Crisis Communications: Lessons Learned From Capital One

Reasons to Execute a Crisis Communication Plan

Implementing a crisis communication plan is a reality for most organizations. Learn about the reasons why one needs to be executed following a data breach.

How to Execute a Crisis Communication Plan After a Data Breach

An organization's internal marketing or public relations department may have to execute a crisis communication plan for several reasons. One of those reasons is because of a confirmed data breach. Although federal, state, and municipal regulators may need to be notified, the crisis communication plan will need to inform clients and employees who may have had their data compromised. The organization will need to address concerns about potential identity theft and the unauthorized use of accounts, including debit and credit cards.

Keeping those impacted informed and communicating efficiently are critical components of any plan. Prompt and thorough communication also reassures those impacted that the firm is concerned, has taken remedies to correct the problem, and is ready to assist. A crisis communication plan should be formulated and in place prior to a data breach. By having protocols with action items already assigned to designees, the plan can be executed swiftly and effectively.

What Information to Include

When communicating to those who were potentially impacted by a data breach, there are key pieces of information they will want to know. First, any communication will need to include who might be impacted, the dates of the data breach, what information might have been compromised, and what potential victims can do to protect themselves. For example, were shoppers who used debit or credit cards between certain dates impacted? If so, what other personal information besides credit or debit card numbers, expiration dates, pin numbers, and CSV codes might have been exposed? Will the firm be providing free credit monitoring or other services to help victims? What should potential victims do in the meantime to prevent potential identity theft or unauthorized use of their personal information? Who should they contact?

While these examples do not represent all of the pertinent information that an organization will need to disseminate in every situation, data breaches typically involve directly reaching out to potential victims. This can be accomplished electronically or through postal mail. Press releases, radio and television news announcements, and interviews are other means of informing the general public. Many organizations include public notifications as part of a crisis communication plan in the event of a data breach. These types of notifications help alert and reach those whose direct notifications may be delayed.

Internal and External Audiences

A solid crisis communication plan includes both external and internal audiences. External audiences include governments, clients/customers, the general public, vendors, and the media. Internal audiences include employees, the families of employees, executive management, and investors. In the event of a data breach, a communication plan needs to also include the organization's internal audience. Employees need to be informed of what happened and whether they were impacted. They also need to know how to respond to media and client inquiries. A solid crisis communication plan will also inform employees of whom they can escalate questions and inquiries to, in addition to what their individual responsibilities are in the event they need to respond. Coming up with scripted messages for various levels of employees to use to respond to various external audiences can be helpful; however, some organizations prefer to have either an internal or external marketing/PR point of contact handle some external audiences like the media.
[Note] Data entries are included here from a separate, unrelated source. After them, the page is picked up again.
(* Consider a generalized discrete preference game on a tree metric: a finite set $V$ of players, a directed graph on $V$ with nonnegative weights $w_{ij}$ on arcs $(i,j)$ (with $N_i$ the set of out-neighbours of $i$), a finite tree $\mathcal{T}$ with positive edge lengths whose node set $L$ is the strategy set and whose shortest-path metric is $d$, and for each player $i$ and node $v\in L$ a nonnegative penalty $p_i(v)$. The cost of player $i$ in profile $z=(z_i)_{i\in V}\in L^V$ is $c_i(z)=\sum_{v\in L} p_i(v)\, d(v,z_i)+\sum_{j\in N_i} w_{ij}\, d(z_i,z_j)$. Fix a root $r$ of $\mathcal{T}$ and run the following procedure (Tree Metric Algo): initially set $z_i\leftarrow r$ for every player $i$; while there exists a player $i$ and a child $v$ of $z_i$ (in $\mathcal{T}$ rooted at $r$) such that changing $z_i$ to $v$ (keeping all other strategies fixed) strictly decreases $c_i$, set $z_i\leftarrow v$ for some such pair. Then this procedure terminates (after at most $|V|\cdot|L|$ moves), and the final profile $z$ is a pure Nash equilibrium, i.e. no player can strictly decrease her cost by changing only her own strategy. In particular such a game always has a pure Nash equilibrium. *)

From mathcomp Require Import all_boot all_order all_algebra.
Set Implicit Arguments. Unset Strict Implicit. Unset Printing Implicit Defensive.
Import Order.TTheory GRing.Theory Num.Theory.
Local Open Scope ring_scope.

Section TreeGame.
Variables (R : realFieldType) (V L : finType).

(* A finite tree on node set L, rooted at r, given by a parent map [par]
   (par r = r, every node reaches r by iterating par) and, for each
   non-root node v, the (positive) length [len v] of the edge {v, par v}. *)
Definition rooted_tree (r : L) (par : L -> L) : Prop :=
  par r = r /\ forall v : L, exists k : nat, iter k par v = r.

Definition is_child (r : L) (par : L -> L) (u v : L) : bool :=
  (v != r) && (par v == u).

Definition tedge (r : L) (par : L -> L) : rel L :=
  fun u v => is_child r par u v || is_child r par v u.

(* length of the edge {u, v} (meaningful when tedge r par u v) *)
Definition elen (r : L) (par : L -> L) (len : L -> R) (u v : L) : R :=
  if is_child r par u v then len v else len u.

Definition walk_len (r : L) (par : L -> L) (len : L -> R) (u : L) (s : seq L) : R :=
  \sum_(e <- zip (u :: s) s) elen r par len e.1 e.2.

Definition shortest_path_metric (r : L) (par : L -> L) (len : L -> R)
  (d : L -> L -> R) : Prop :=
  forall u v : L,
    (exists s : seq L, [/\ path (tedge r par) u s, last u s = v
                         & walk_len r par len u s = d u v]) /\
    (forall s : seq L, path (tedge r par) u s -> last u s = v ->
                       d u v <= walk_len r par len u s).

Definition upd (z : V -> L) (i : V) (x : L) : V -> L :=
  fun k => if k == i then x else z k.

Definition cost (d : L -> L -> R) (p : V -> L -> R) (arc : rel V)
  (w : V -> V -> R) (z : V -> L) (i : V) : R :=
  \sum_(v : L) p i v * d v (z i) + \sum_(j | arc i j) w i j * d (z i) (z j).

Definition tm_step (r : L) (par : L -> L) (d : L -> L -> R) (p : V -> L -> R)
  (arc : rel V) (w : V -> V -> R) (z z' : V -> L) : Prop :=
  exists (i : V) (v : L), [/\ is_child r par (z i) v,
     cost d p arc w (upd z i v) i < cost d p arc w z i & z' = upd z i v].

Definition tm_run (r : L) (par : L -> L) (d : L -> L -> R) (p : V -> L -> R)
  (arc : rel V) (w : V -> V -> R) (zs : nat -> V -> L) (n : nat) : Prop :=
  (forall i, zs 0%N i = r) /\
  (forall k, (k < n)%N -> tm_step r par d p arc w (zs k) (zs k.+1)).

Definition pure_nash (d : L -> L -> R) (p : V -> L -> R) (arc : rel V)
  (w : V -> V -> R) (z : V -> L) : Prop :=
  forall (i : V) (x : L), cost d p arc w z i <= cost d p arc w (upd z i x) i.

End TreeGame.

(* For a player i and a set S of tree nodes, let the mass of S be the penalty
   weight p_i(S) plus the weight of the arcs from i to players currently in S.
   Moving i from par c down to its child c changes c_i by len c times (mass of
   the complement of subtree c - mass of subtree c). Since players only move
   down, the subtrees containing a player's position only gain mass, so the
   invariant "the subtree below z_i weighs at least as much as its complement"
   survives every move. Together with the absence of improving downward moves,
   this invariant makes every unilateral deviation non-improving: leaving the
   subtree of z_i, or entering the subtree of one of its children c (which is at
   most as heavy as its complement). Each move strictly increases the number of
   pairs (i, v) with v an ancestor of z_i, which is at most |V| |L|. *)

From Pilot Require Import Defs.
From mathcomp Require Import all_boot all_order all_algebra.
From mathcomp Require Import lra.
Set Implicit Arguments. Unset Strict Implicit. Unset Printing Implicit Defensive.
Import Order.TTheory GRing.Theory Num.Theory.
Local Open Scope ring_scope.

Lemma weighted_sum_shift (R : realDomainType) (I : finType) (P s : pred I)
    (a D D' : I -> R) (t : R) :
  (forall k, P k -> 0 <= a k) ->
  (forall k, P k -> s k -> D k + t <= D' k) ->
  (forall k, P k -> ~~ s k -> D k - t <= D' k) ->
  \sum_(k | P k) a k * D k
    + t * (\sum_(k | P k && s k) a k - \sum_(k | P k && ~~ s k) a k)
  <= \sum_(k | P k) a k * D' k.
Proof.
move=> a_ge0 Din Dout.
rewrite (bigID s P (fun k => a k * D' k)) (bigID s P (fun k => a k * D k)) /=.
have le_in : \sum_(k | P k && s k) (a k * D k + t * a k)
    <= \sum_(k | P k && s k) a k * D' k.
  apply: ler_sum => k /andP[Pk sk].
  by rewrite (mulrC t) -mulrDr ler_wpM2l ?a_ge0 ?Din.
have le_out : \sum_(k | P k && ~~ s k) (a k * D k - t * a k)
    <= \sum_(k | P k && ~~ s k) a k * D' k.
  apply: ler_sum => k /andP[Pk sk].
  by rewrite (mulrC t) -mulrBr ler_wpM2l ?a_ge0 ?Dout.
rewrite big_split /= -mulr_sumr in le_in; rewrite sumrB -mulr_sumr in le_out.
lra.
Qed.

Section TreeGame.
Variables (L : finType) (r : L) (par : L -> L).
Hypothesis tree : rooted_tree r par.

Definition subtree (c : L) : pred L := fun u => fconnect par u c.

Lemma iter_par_root k : iter k par r = r.
Proof. by elim: k => //= k ->; rewrite tree.1. Qed.

Lemma iter_par_cycle v k : iter k.+1 par v = v -> v = r.
Proof.
move=> cyc; have [m to_r] := tree.2 v.
have periodic t : iter (t * k.+1) par v = v.
  by elim: t => // t IH; rewrite mulSn iterD IH cyc.
by rewrite -(periodic m) -(subnK (leq_pmulr m (ltn0Sn k))) iterD to_r iter_par_root.
Qed.

Lemma subtree_refl c : subtree c c.
Proof. exact: connect0. Qed.

Lemma subtree_root u : subtree r u.
Proof. by have [k <-] := tree.2 u; exact: fconnect_iter. Qed.

Lemma subtree_par c u : subtree c (par u) -> subtree c u.
Proof. exact/connect_trans/fconnect1. Qed.

Lemma subtree_par_neq c u : subtree c u -> u != c -> subtree c (par u).
Proof. by rewrite /subtree fconnect_eqVf eq_sym => /orP[->|]. Qed.

Lemma par_notin_subtree v : v != r -> ~~ subtree v (par v).
Proof.
move=> vr; apply: contra vr => /iter_findex; rewrite -iterSr => /iter_par_cycle ->.
exact: eqxx.
Qed.

Lemma child_on_path y x : subtree y x -> x != y ->
  exists c, [/\ c != r, par c = y & subtree c x].
Proof.
move=> /iter_findex; move: (findex par x y) => k; elim: k x => [|k IH] x xy xny.
  by rewrite -xy eqxx in xny.
have [pxy|pxy] := eqVneq (par x) y.
  exists x; split; [|by []|exact: subtree_refl].
  by apply: contraNneq xny => xr; rewrite -pxy xr tree.1.
rewrite iterSr in xy; have [c [cr pc sub]] := IH _ xy pxy.
by exists c; split; last exact: subtree_par.
Qed.

Lemma is_child_par v : v != r -> is_child r par v (par v) = false.
Proof.
move=> vr; apply: contraNF vr => /andP[_ /eqP ppv].
by apply/eqP; apply: (@iter_par_cycle v 1).
Qed.

Lemma tedge_leave_subtree c u x : c != r -> subtree c u -> ~~ subtree c x ->
  tedge r par u x -> u = c /\ x = par c.
Proof.
move=> cr cu cx /orP[/andP[_ /eqP pxu] | /andP[_ /eqP pux]].
  by rewrite -pxu in cu; rewrite (subtree_par cu) in cx.
have uc : u = c.
  by apply/eqP; apply: contraNT cx => /(subtree_par_neq cu); rewrite pux.
by rewrite -pux uc.
Qed.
Other organizations rely on legal departments or even high-ranking executives as points of contact.

Points of Contact

In the event of a data breach, the crisis communication plan should include details of how different types of audiences will be handled. A hub and spoke model can be used to establish a central source of information and command within the organization. From there, HR might be in charge of being the point of contact and source of information for employees and their families. Likewise, the sales and customer service department might be the point of contact for external customers. How the hub and spoke model plays out will be dependent on the firm's current size, resources, and structure.

While a data breach is not the only reason why organizations should be prepared to execute crisis communication plans, by nature cybersecurity incidents warrant this type of coordinated response. Potential victims need to be notified and reassured. Government regulators and the community need to know what happened and what steps the organization is taking to fix the problem. They also want to be reassured the firm is taking steps to prevent future problems. Finally, employees, investors, and vendors need to be aware of how to respond and what they can do to mitigate any damages.